CA cases were identified by linking children from a prospective birth cohort to primary care records. CAs were classified according to the European Surveillance of CA guidelines. We calculated rates of CAs by using a bodily system group for children aged 0 to <5 years, together with risk ratios (RRs) with 95% CIs for maternal risk factors.
Routinely collected primary care data increased the ascertainment of children with CAs from 432.9 per 10 000 live births under 1 year to 620.6 per 10 000 live births under 5 years. Consanguinity was a risk factor for Pakistani mothers (multivariable RR 1.87, 95% CI 1.46 to 2.83), and maternal age >34 years was a risk factor for mothers of other ethnicities (multivariable RR 2.19, 95% CI 1.36 to 3.54). Education was associated with a lower risk (multivariable RR 0.78, 95% CI 0.62 to 0.98).

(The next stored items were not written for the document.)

(* Let $w$ be a word and let $v$ be an explicit node of the Cover Suffix Tree $\mathit{CST}(w)$ other than the root, and let $v_1,v_2,\ldots,v_k$ be the consecutive implicit nodes on the edge from $v$ to its explicit parent, ordered so that $|v_i|=|v|-i$. Then for $1\le i\le k$, $$\c(v_i)=\c(v)-i\,\Delta(v);$$ in particular $(\c(v_i))_{i=1}^k$ is an arithmetic progression.
   Context: Positions of $w$ are $1,\ldots,n$. The suffix trie of $w$ has one node for each factor of $w$ (the root for the empty word), the parent of the node of $ua$ ($a$ a letter) being the node of $u$; for a node $v$, $\hat v$ denotes the corresponding factor and $|v|=|\hat v|$. In the suffix tree of $w$, the explicit nodes are the root, the nodes with at least two children, and the nodes corresponding to suffixes of $w$; all other nodes are implicit, and each edge is a maximal upward path of implicit nodes between an explicit node and its nearest explicit proper ancestor (its explicit parent). $\mathit{CST}(w)$ is obtained by additionally making explicit every node $v$ (an extra node) such that $\hat v\hat v$ is a factor of $w$ with $\hat v$ primitive (a word $u$ is primitive if $u=y^k$ implies $y=u$). $\mathit{Occ}(v,w)$ is the set of starting positions of occurrences of $\hat v$ in $w$; for a set $X$ of integers, $\mathrm{next}_X(x)=\min\{y\in X:y>x\}$ (or $\infty$ if $x=\max X$), and $\delta(i,v)=\mathrm{next}_{\mathit{Occ}(v,w)}(i)-i$ for $i\in \mathit{Occ}(v,w)$. $\mathit{Covered}(u,w)$ is the number of positions of $w$ lying within some occurrence of $u$. Finally $\c(v)=\mathit{Covered}(\hat v,w)$ and $\Delta(v)=|\{i\in\mathit{Occ}(v,w):\delta(i,v)\ge|v|\}|$. *)

From mathcomp Require Import all_boot all_algebra.
Set Implicit Arguments. Unset Strict Implicit. Unset Printing Implicit Defensive.

Section Words.
Variable A : eqType.
Implicit Types (u w : seq A).

(* Positions of w are 1..n; u occurs at position i (1-based). *)
Definition occurs_at u w (i : nat) : bool :=
  [&& 1 <= i, i + size u <= (size w).+1 & take (size u) (drop i.-1 w) == u].

Definition Occ u w : seq nat := [seq i <- iota 1 (size w) | occurs_at u w i].

(* next_X(x) = min {y in X : y > x}; None encodes infinity. *)
Definition next_in (X : seq nat) (x : nat) : option nat :=
  let Y := [seq y <- X | x < y] in
  if Y is y0 :: _ then Some (foldr minn y0 Y) else None.

Definition delta u w (i : nat) : option nat :=
  omap (fun y => y - i) (next_in (Occ u w) i).

Definition Delta u w : nat :=
  count (fun i => if delta u w i is Some d then size u <= d else true) (Occ u w).

Definition covered u w : nat :=
  count (fun p => has (fun i => (i <= p) && (p < i + size u)) (Occ u w))
        (iota 1 (size w)).

Definition primitive u : Prop :=
  forall (y : seq A) (k : nat), u = flatten (nseq k y) -> y = u.

(* Explicit nodes of CST(w) (for a factor u of w): root, branching nodes
   (at least two children ua, ub), suffixes of w, and extra nodes
   (uu factor of w with u primitive). *)
Definition cst_explicit w u : Prop :=
  [\/ u = [::],
      exists a b : A, [/\ a != b, infix (rcons u a) w & infix (rcons u b) w],
      suffix u w
    | infix (u ++ u) w /\ primitive u].

End Words.

(** Along the edge every implicit node [v_i] has the same occurrences as [v]: an
    implicit node [u] has a unique right extension [ua] and is not a suffix, so
    [u] and [ua] occur at the same positions.  Hence [Covered(v_i)] counts the
    positions covered by windows of length [|v| - i] starting at the fixed set
    [X = Occ(v)].  Lengthening every window by one adds exactly one position for
    each [x \in X] with no other occurrence in [(x, x + L)], so it suffices that
    this count does not depend on [L] along the edge.  It could only change if
    two consecutive occurrences [x < z] had a gap [d = z - x] strictly inside
    the edge; but then [w] has period [d] on [w[x .. z + |v|)], so the prefix of
    [v] of length [d] is primitive and its square is a factor of [w]: an extra
    node of CST(w) on the edge, which is excluded. *)
From mathcomp Require Import all_boot all_algebra.
From mathcomp Require Import zify.
Set Implicit Arguments. Unset Strict Implicit. Unset Printing Implicit Defensive.

Section Occurrences.
Variables (A : eqType) (a0 : A).
Implicit Types (u v w : seq A).

Lemma occurs_atP u w i :
  reflect [/\ 0 < i, i + size u <= (size w).+1 &
           forall j, j < size u -> nth a0 w (i.-1 + j) = nth a0 u j]
          (occurs_at u w i).
Proof.
apply: (iffP and3P) => [[i_gt0 i_le /eqP uE] | [i_gt0 i_le uE]].
  by split=> // j lt_j; rewrite -[in RHS]uE nth_take // nth_drop.
split=> //; apply/eqP/(@eq_from_nth _ a0) => [|j].
  by rewrite size_takel // size_drop; lia.
rewrite size_takel ?size_drop; last lia.
by move=> lt_j; rewrite nth_take // nth_drop uE.
Qed.

Lemma occurs_at_cat u w i : occurs_at u w i ->
  w = take i.-1 w ++ u ++ drop (i.-1 + size u) w.
Proof.
by case/and3P => _ _ /eqP uE; rewrite addnC -drop_drop -{1}uE !cat_take_drop.
Qed.

Lemma occurs_at_infix u w i : occurs_at u w i -> infix u w.
Proof. by move/occurs_at_cat ->; apply: infix_infix. Qed.

Lemma mem_Occ u w i : (i \in Occ u w) = (i \in iota 1 (size w)) && occurs_at u w i.
Proof. by rewrite mem_filter andbC. Qed.

Lemma Occ_bound u w x : x \in Occ u w -> 0 < x /\ x + size u <= (size w).+1.
Proof. by rewrite mem_filter => /andP[/and3P[]]. Qed.

Lemma nth_flatten_nseq (y : seq A) m j : j < m * size y ->
  nth a0 (flatten (nseq m y)) j = nth a0 y (j %% size y).
Proof.
elim: m j => [|m IH] j; first by rewrite mul0n.
rewrite mulSn /= nth_cat => lt_j; case: ltnP => le_y; first by rewrite modn_small.
rewrite IH; last lia.
by rewrite -[in RHS](subnK le_y) modnDr.
Qed.

Lemma size_flatten_nseq (y : seq A) m : size (flatten (nseq m y)) = m * size y.
Proof. by elim: m => //= m IH; rewrite size_cat IH mulSn. Qed.

Lemma nth_overlap v w x d : 0 < d <= size v ->
  occurs_at v w x -> occurs_at v w (x + d) ->
  forall j, j < size v + d -> nth a0 w (x.-1 + j) = nth a0 v (j %% d).
Proof.
case/andP=> d_gt0 d_le /occurs_atP[x_gt0 _ vx] /occurs_atP[_ _ vxd].
elim/ltn_ind=> j IH lt_j; case: (ltnP j d) => [lt_jd | le_dj].
  by rewrite modn_small // vx //; lia.
have -> : x.-1 + j = (x + d).-1 + (j - d) by lia.
rewrite vxd; last lia.
rewrite -vx; last lia.
by rewrite IH; [rewrite -[in RHS](subnK le_dj) modnDr | lia | lia].
Qed.

Lemma overlap_square_primitive v w x d : 0 < d < size v ->
  occurs_at v w x -> occurs_at v w (x + d) ->
  (forall z, x < z < x + d -> ~~ occurs_at v w z) ->
  infix (take d v ++ take d v) w /\ primitive (take d v).
Proof.
move=> /andP[d_gt0 lt_dv] vx vxd no_between.
have [x_gt0 x_le v_at_x] := occurs_atP _ _ _ vx.
have [_ xd_le _] := occurs_atP _ _ _ vxd.
set u := take d v; have size_u : size u = d by rewrite size_takel // ltnW.
have periodic j : j < size v + d -> nth a0 w (x.-1 + j) = nth a0 u (j %% d).
  move=> lt_j; rewrite (nth_overlap _ vx vxd) ?d_gt0 ?(ltnW lt_dv) //.
  by rewrite nth_take ?ltn_pmod.
split.
  apply: (@occurs_at_infix _ _ x); apply/occurs_atP; rewrite size_cat size_u.
  split=> [||j lt_j]; [by [] | lia |].
  rewrite nth_cat size_u periodic; last lia.
  case: ltnP => [lt_jd | le_dj]; first by rewrite modn_small.
  by rewrite -{1}(subnK le_dj) modnDr modn_small //; lia.
move=> y [|[|m]] uE; first by move: size_u; rewrite uE /=; lia.
  by rewrite uE /= cats0.
(* A proper period [|y|] of [u] would give an occurrence of [v] at [x + |y|]. *)
have d_mul : d = m.+2 * size y by rewrite -size_u uE size_flatten_nseq.
have periodic_y j : j < size v + d -> nth a0 w (x.-1 + j) = nth a0 y (j %% size y).
  move=> lt_j; rewrite periodic // uE nth_flatten_nseq -?d_mul ?ltn_pmod //.
  by rewrite modn_dvdm // d_mul dvdn_mull.
have between : x < x + size y < x + d by nia.
have/negP[] := no_between _ between.
apply/occurs_atP; split=> [||j lt_j]; [lia | nia |].
have -> : (x + size y).-1 + j = x.-1 + (size y + j) by lia.
rewrite periodic_y; last nia.
by rewrite modnDl -periodic_y ?v_at_x //; lia.
Qed.

Lemma Occ_rcons_implicit u a w : infix (rcons u a) w -> ~ cst_explicit w u ->
  Occ u w = Occ (rcons u a) w.
Proof.
move=> ua_infix u_implicit; apply: eq_filter => p; apply/idP/idP; last first.
  case/occurs_atP; rewrite size_rcons => p_gt0 p_le ua_at_p.
  apply/occurs_atP; split=> [||j lt_j]; [by [] | lia |].
  by move: (ua_at_p j); rewrite nth_rcons lt_j; apply; lia.
move=> u_at_p; have [p_gt0 p_le u_at] := occurs_atP _ _ _ u_at_p.
have p_lt : p + size u <= size w.
  rewrite leqNgt; apply/negP => p_gt; apply: u_implicit; apply: Or43.
  rewrite (occurs_at_cat u_at_p) drop_oversize ?cats0; last lia.
  exact: suffix_suffix.
set b := nth a0 w (p.-1 + size u).
have ub_at_p : occurs_at (rcons u b) w p.
  apply/occurs_atP; rewrite size_rcons; split=> [||j lt_j]; [by [] | lia |].
  rewrite nth_rcons; case: ltnP => [/u_at // | le_uj].
  have -> : j = size u by lia.
  by rewrite eqxx.
have -> : a = b.
  apply/eqP/negPn/negP => neq_ab; apply: u_implicit; apply: Or42.
  by exists a, b; split=> //; apply: occurs_at_infix ub_at_p.
exact: ub_at_p.
Qed.

End Occurrences.

Definition window_cover (X : seq nat) L n : nat :=
  count (fun p => has (fun x => x <= p < x + L) X) (iota 1 n).

Definition count_isolated (X : seq nat) L : nat :=
  count (fun x => all (fun y => ~~ (x < y < x + L)) X) X.

Lemma covered_window (A : eqType) (u w : seq A) :
  covered u w = window_cover (Occ u w) (size u) (size w).
Proof. by []. Qed.

(* Lengthening the windows by one newly covers exactly the positions [x + L]
   with [x] isolated, and distinct [x] give distinct positions. *)
Lemma window_coverS X L n : uniq X -> (forall x, x \in X -> 0 < x /\ x + L <= n) ->
  window_cover X L.+1 n = window_cover X L n + count_isolated X L.+1.
Proof.
move=> uniq_X X_bound.
rewrite /window_cover -size_filter.
rewrite -(count_predC (fun p => has (fun x => x <= p < x + L) X)) !count_filter.
congr (_ + _).
  apply: eq_count => p /=; apply/andP/idP => [[//] | /hasP[x xX /andP[le_xp lt_p]]].
  by split; apply/hasP; exists x => //; apply/andP; split; lia.
rewrite /count_isolated -!size_filter -[in RHS](size_map (addn^~ L)).
apply/perm_size/uniq_perm.
- by rewrite filter_uniq ?iota_uniq.
- by rewrite map_inj_uniq ?filter_uniq //; apply: addIn.
move=> p; rewrite !mem_filter mem_iota /=; apply/idP/mapP => [|[x]].
  case/and3P=> /andP[/negP not_cov /hasP[x xX /andP[le_xp lt_p]]] _ _.
  have p_eq : p = x + L.
    case: (ltnP p (x + L)) => [lt_xL | ?]; last lia.
    by case: not_cov; apply/hasP; exists x => //; rewrite le_xp.
  exists x => //; rewrite mem_filter xX andbT; apply/allP => y yX.
  apply/negP => /andP[lt_xy lt_y]; apply: not_cov; apply/hasP; exists y => //.
  by apply/andP; split; lia.
rewrite mem_filter => /andP[/allP isolated_x xX] ->.
have [x_gt0 xL_le] := X_bound x xX.
apply/and3P; split; [apply/andP; split | lia | lia].
  apply/hasP => -[y yX /andP[le_y lt_y]].
  by have /negP[] := isolated_x y yX; apply/andP; split; lia.
by apply/hasP; exists x => //; apply/andP; split; lia.
Qed.

Lemma le_foldr_minn z y0 (s : seq nat) :
  (z <= foldr minn y0 s) = (z <= y0) && all (leq z) s.
Proof. by elim: s => [|y s IH] /=; rewrite ?andbT // leq_min IH andbCA. Qed.

Lemma next_in_gap_ge (X : seq nat) x L :
  (if omap (fun y => y - x) (next_in X x) is Some d then L <= d else true)
  = all (fun y => ~~ (x < y < x + L)) X.
Proof.
have -> : all (fun y => ~~ (x < y < x + L)) X = all (leq (x + L)) [seq y <- X | x < y].
  by rewrite all_filter; apply: eq_all => y /=; rewrite negb_and -!leqNgt; case: leqP.
rewrite /next_in; case X_gt: [seq y <- X | x < y] => [|y0 s] //=.
have /= /andP[x_lt_y0 x_lt_s] : all (leq x.+1) (y0 :: s) by rewrite -X_gt filter_all.
rewrite leq_subRL; last first.
  rewrite leq_min le_foldr_minn ltnW //=; apply/allP => y ys.
  exact/ltnW/(allP x_lt_s).
by rewrite leq_min le_foldr_minn andbA andbb.
Qed.

Lemma Delta_isolated (A : eqType) (u w : seq A) :
  Delta u w = count_isolated (Occ u w) (size u).
Proof. by apply: eq_count => x; rewrite -next_in_gap_ge. Qed.

Section ImplicitEdge.
Variables (A : eqType) (w v : seq A) (k : nat).
Hypothesis v_infix : infix v w.
Hypothesis v_nonempty : v <> [::].
Hypothesis edge_implicit :
  forall j, 1 <= j <= k -> ~ cst_explicit w (take (size v - j) v).

Let a0 : A. Proof. by case: v v_nonempty. Qed.

(* The root, [take 0 v], is explicit. *)
Lemma edge_lt_size : k < size v.
Proof.
rewrite ltnNge; apply/negP => v_le_k; apply: (edge_implicit (j := size v)).
  by case: v v_nonempty v_le_k.
by rewrite subnn take0; apply: Or41.
Qed.

Lemma Occ_edge j : j <= k -> Occ (take (size v - j) v) w = Occ v w.
Proof.
elim: j => [|j IH] le_jk; first by rewrite subn0 take_size.
have lt_kv := edge_lt_size.
have take_succ : take (size v - j) v
                 = rcons (take (size v - j.+1) v) (nth a0 v (size v - j.+1)).
  by rewrite -take_nth; [congr take; lia | lia].
rewrite -IH ?(ltnW le_jk) // take_succ -(Occ_rcons_implicit a0) //.
- by rewrite -take_succ (prefix_infix_trans (prefix_take _ _) v_infix).
- by apply: edge_implicit; rewrite le_jk.
Qed.

(* A gap [d] between consecutive occurrences with [size v - k <= d < size v]
   would make [take d v] an extra node inside the edge. *)
Lemma count_isolated_edge L : size v - k <= L < size v ->
  count_isolated (Occ v w) L.+1 = count_isolated (Occ v w) (size v).
Proof.
case/andP=> le_L lt_Lv; apply: eq_in_count => x xX /=.
apply/idP/idP => [isolated_x | /allP isolated_x]; last first.
  apply/allP => y yX; apply: contra (isolated_x y yX) => /andP[lt_xy lt_y].
  by apply/andP; split; lia.
apply/allP => y yX; apply/negP => /andP[lt_xy lt_y].
have later_occ : exists z, (z \in Occ v w) && (x < z) by exists y; rewrite yX.
have [z /andP[zX lt_xz] z_min] := ex_minnP later_occ.
have le_zy : z <= y by apply: z_min; rewrite yX lt_xy.
have le_z : x + L.+1 <= z.
  by move/allP: isolated_x => /(_ z zX); rewrite lt_xz /= -leqNgt.
have occ_X i : i \in Occ v w -> occurs_at v w i by rewrite mem_Occ => /andP[].
have square_primitive :
    infix (take (z - x) v ++ take (z - x) v) w /\ primitive (take (z - x) v).
  apply: (overlap_square_primitive a0 (x := x)); first lia.
  - exact: occ_X.
  - by rewrite subnKC; [apply: occ_X | apply: ltnW].
  move=> z' /andP[lt_xz' lt_z']; apply/negP => occ_z'.
  have [z'_gt0 z'_le _] := occurs_atP a0 _ _ _ occ_z'.
  have := z_min z'; rewrite mem_Occ occ_z' mem_iota andbT /=.
  have := Occ_bound xX; lia.
apply: (edge_implicit (j := size v - (z - x))); first lia.
by rewrite subKn; [apply: Or44 | lia].
Qed.

Lemma covered_edge t : t <= k ->
  covered v w = covered (take (size v - t) v) w + t * Delta v w.
Proof.
move=> le_tk; rewrite !covered_window Occ_edge // size_takel ?leq_subr //.
rewrite Delta_isolated; have lt_kv := edge_lt_size.
elim: t le_tk => [|t IH] le_tk; first by rewrite subn0 addn0.
rewrite IH ?(ltnW le_tk) //.
have -> : size v - t = (size v - t.+1).+1 by lia.
rewrite window_coverS; first by rewrite count_isolated_edge ?mulSn ?addnA //; lia.
  by rewrite filter_uniq ?iota_uniq.
by move=> x /Occ_bound; lia.
Qed.
End ImplicitEdge.

Local Open Scope ring_scope.

Theorem lemma1 (A : eqType) (w v : seq A) (k : nat) :
  infix v w -> v <> [::] -> cst_explicit w v ->
  (forall j : nat, (1 <= j <= k)%N -> ~ cst_explicit w (take (size v - j) v)) ->
  forall i : nat, (1 <= i <= k)%N ->
    (covered (take (size v - i) v) w)%:Z
      = (covered v w)%:Z - (i * Delta v w)%:Z.
Proof.
move=> v_infix v_nonempty _ edge_implicit i /andP[_ le_ik].
by rewrite (covered_edge v_infix v_nonempty edge_implicit le_ik) PoszD GRing.addrK.
Qed.
Lemma bilQ_half_ktilde_odd phi y : phi^T *m K3form *m phi = 2%:R *: I17 ->
  let a := (1 / 2) *: toQ (ktilde phi) + toQ (phi *m y) in
  exists t : int, bilQ a a = (2 * t + 1)%:~R.
Proof.
move=> Hphi /=; exists (bform I17 kcan y + bform I17 y y).
rewrite !(bformDl, bformDr, bformZl, bformZr) !bilQ_toQ /ktilde !(bil_pullback Hphi).
rewrite kcan_sqr (bform_sym I17_sym y kcan).
by field.
Qed.

Lemma matQ_Lminus sigma r :
  Lminus sigma r -> matQ sigma *m (matQ sigma *m toQ r) = - toQ r.
Proof. by move=> Hr; rewrite -!toQ_mulmx -mulmx_sqr Hr /toQ map_mxN. Qed.

Lemma LamQ_anti sigma r b : Lminus sigma r -> LamQ sigma r b ->
  matQ sigma *m (matQ sigma *m b) = - b.
Proof.
move=> /matQ_Lminus Sr [al [be ->]].
by rewrite !mulmxDr -!scalemxAr Sr mulmxN !scalerN opprD.
Qed.

Lemma LamQ_sub_sigma sigma r b : Lminus sigma r -> LamQ sigma r b ->
  LamQ sigma r (matQ sigma *m b - b).
Proof.
move=> /matQ_Lminus Sr [al [be ->]]; exists (- (al + be)), (al - be).
rewrite mulmxDr -!scalemxAr Sr.
by apply/matrixP => i j; rewrite !mxE; ring.
Qed.

Lemma Lam_of_LamQ sigma r z : primitive_in_Lminus sigma (Lam sigma r) ->
  Lminus sigma z -> LamQ sigma r (toQ z) -> Lam sigma r z.
Proof.
move=> prim zLm [al [be Hz]].
apply: (prim (denq al * denq be)) => //; first by rewrite mulf_neq0 ?denq_neq0.
exists (numq al * denq be), (numq be * denq al); apply: toQ_inj.
rewrite /toQ map_mxD !map_mxZ map_mxM -/(toQ z) -/(toQ r) -/(matQ sigma) Hz.
rewrite scalerDr !scalerA; congr (_ *: _ + _ *: _); rewrite !rmorphM /= numqE; ring.
Qed.

Lemma sigma_sub_integral sigma x l a b v :
    matQ sigma *m v = v -> toQ x = a + b -> a - v = toQ l ->
  matQ sigma *m b - b = toQ (sigma *m (x - l) - (x - l)).
Proof.
move=> Sv Hx Hal; have -> : b = toQ (x - l) - v.
  by rewrite toQB Hx -Hal; apply/matrixP => i j; rewrite !mxE; ring.
by rewrite mulmxBr Sv -toQ_mulmx opprB addrA subrK [RHS]toQB.
Qed.

Lemma Lam_norm sigma r z : sigma^T *m K3form *m sigma = K3form ->
    Lminus sigma r -> Lam sigma r z ->
  exists a b : int, bil z z = (a ^+ 2 + b ^+ 2) * bil r r.
Proof.
move=> iso Hr [a [b ->]]; exists a, b.
by apply: bform_anti_span; rewrite // -mulmx_sqr.
Qed.

Lemma LamQ_norm sigma r b w : sigma^T *m K3form *m sigma = K3form ->
    Lminus sigma r -> primitive_in_Lminus sigma (Lam sigma r) ->
    LamQ sigma r b -> matQ sigma *m b - b = toQ (sigma *m w - w) ->
  exists a0 b0 : int, 2 * bilQ b b = ((a0 ^+ 2 + b0 ^+ 2) * bil r r)%:~R.
Proof.
move=> iso Hr prim Hb Hw; set z := sigma *m w - w in Hw.
have Sb := LamQ_anti Hr Hb.
have zLm : Lminus sigma z.
  apply: toQ_inj; rewrite mulmx_sqr !toQ_mulmx /toQ map_mxN -/(toQ z) -Hw.
  by rewrite !mulmxBr Sb mulmxN opprK opprB addrC.
have zLam : Lam sigma r z.
  by apply: Lam_of_LamQ => //; rewrite -Hw; exact: LamQ_sub_sigma.
have [a0 [b0 zz]] := Lam_norm iso Hr zLam.
by exists a0, b0; rewrite -zz -bilQ_toQ -Hw (bform_anti_sub (isometry_matQ iso)).
Qed.

Theorem lemma3p4 (sigma : 'M[int]_22) (phi : 'M[int]_(22, 8))
    (r : 'cV[int]_22) (n : nat) :
  quartic_setup sigma phi ->
  Lminus sigma r ->
  primitive_vec (Lminus sigma) r ->
  primitive_in_Lminus sigma (Lam sigma r) ->
  bil r r = - (2 * n)%:Z ->
  (0 < n)%N ->
  ~~ odd n ->
  ~ in_proj_Mr sigma r ((1 / 2 : rat) *: toQ (ktilde phi)).
Proof.
move=> [iso _ Hphi HLp Hgei] Hr _ prim Hrr _ n_even.
move=> [x [_ [a [b [Ha Hb Hx [l [Hl Hal]]]]]]].
have [y l_def] := (HLp l).1 Hl.
have a_def : a = (1 / 2) *: toQ (ktilde phi) + toQ (phi *m y).
  by rewrite -l_def -Hal addrC subrK.
have [t aa] := bilQ_half_ktilde_odd y Hphi; rewrite /= -a_def in aa.
have Sv : matQ sigma *m ((1 / 2) *: toQ (ktilde phi)) = (1 / 2) *: toQ (ktilde phi).
  by rewrite -scalemxAr -toQ_mulmx (sigma_ktilde Hgei).
have shift := sigma_sub_integral Sv Hx Hal.
have [a0 [b0 bb]] := LamQ_norm iso Hr prim Hb shift.
have [ab ba] : bilQ a b = 0 /\ bilQ b a = 0.
  apply: bform_pm_orthogonal (isometry_matQ iso) _ (LamQ_anti Hr Hb).
  by rewrite -mulmx_sqr; exact: Ha.
have [e xx] := dvdzP (bil_even x).
have /intr_inj : (e * 2)%:~R = (2 * t + 1 - n%:Z * (a0 ^+ 2 + b0 ^+ 2))%:~R :> rat.
  rewrite -xx -bilQ_toQ Hx !(bformDl, bformDr) ab ba addr0 add0r aa.
  apply: (@mulfI _ 2) => //; rewrite mulrDr bb Hrr; ring.
have [k ->] : exists k, n = (2 * k)%N.
  by exists n./2; rewrite -[LHS]odd_double_half (negbTE n_even) add0n -mul2n.
lia.
Qed.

98% of UK CA registrations relate to diagnoses made in the first year of life. Our data suggest that this leads to incomplete case ascertainment with a further 30% identified after age 1 year in our study. Risk factors for CAs identified up to age 1 year persist up to 5 years. National registries should consider using routine data linkage to provide more complete case ascertainment after infancy.
先天性异常(CA)是婴儿死亡和残疾的常见原因。我们将一个大型出生队列中的儿童与一个常规初级保健数据库相链接,以检测从出生到5岁的CA诊断情况。CA登记处可能存在报告不足的证据,因为他们估计只有2%的CA登记发生在1岁以后。
通过将前瞻性出生队列中的儿童与初级保健记录相链接来识别CA病例。根据欧洲先天性异常监测指南对CA进行分类。我们使用身体系统分组计算了0至<5岁儿童的CA发生率,以及母亲风险因素的风险比(RR)和95%置信区间(CI)。
常规收集的初级保健数据将CA患儿的确诊率从1岁以下每10000例活产中的432.9例提高到5岁以下每10000例活产中的620.6例。近亲结婚是巴基斯坦母亲的一个风险因素(多变量RR 1.87,95%CI 1.46至2.83),而母亲年龄>34岁是其他种族母亲的一个风险因素(多变量RR 2.19,95%CI 1.36至3.54)。教育程度与较低风险相关(多变量RR 0.78,95%CI 0.62至0.98)。
英国98%的CA登记与生命第一年做出的诊断有关。我们的数据表明,这导致病例确诊不完整,在我们的研究中,1岁以后又发现了30%的病例。1岁前确定的CA风险因素在5岁前持续存在。国家登记处应考虑使用常规数据链接,以在婴儿期后提供更完整的病例确诊。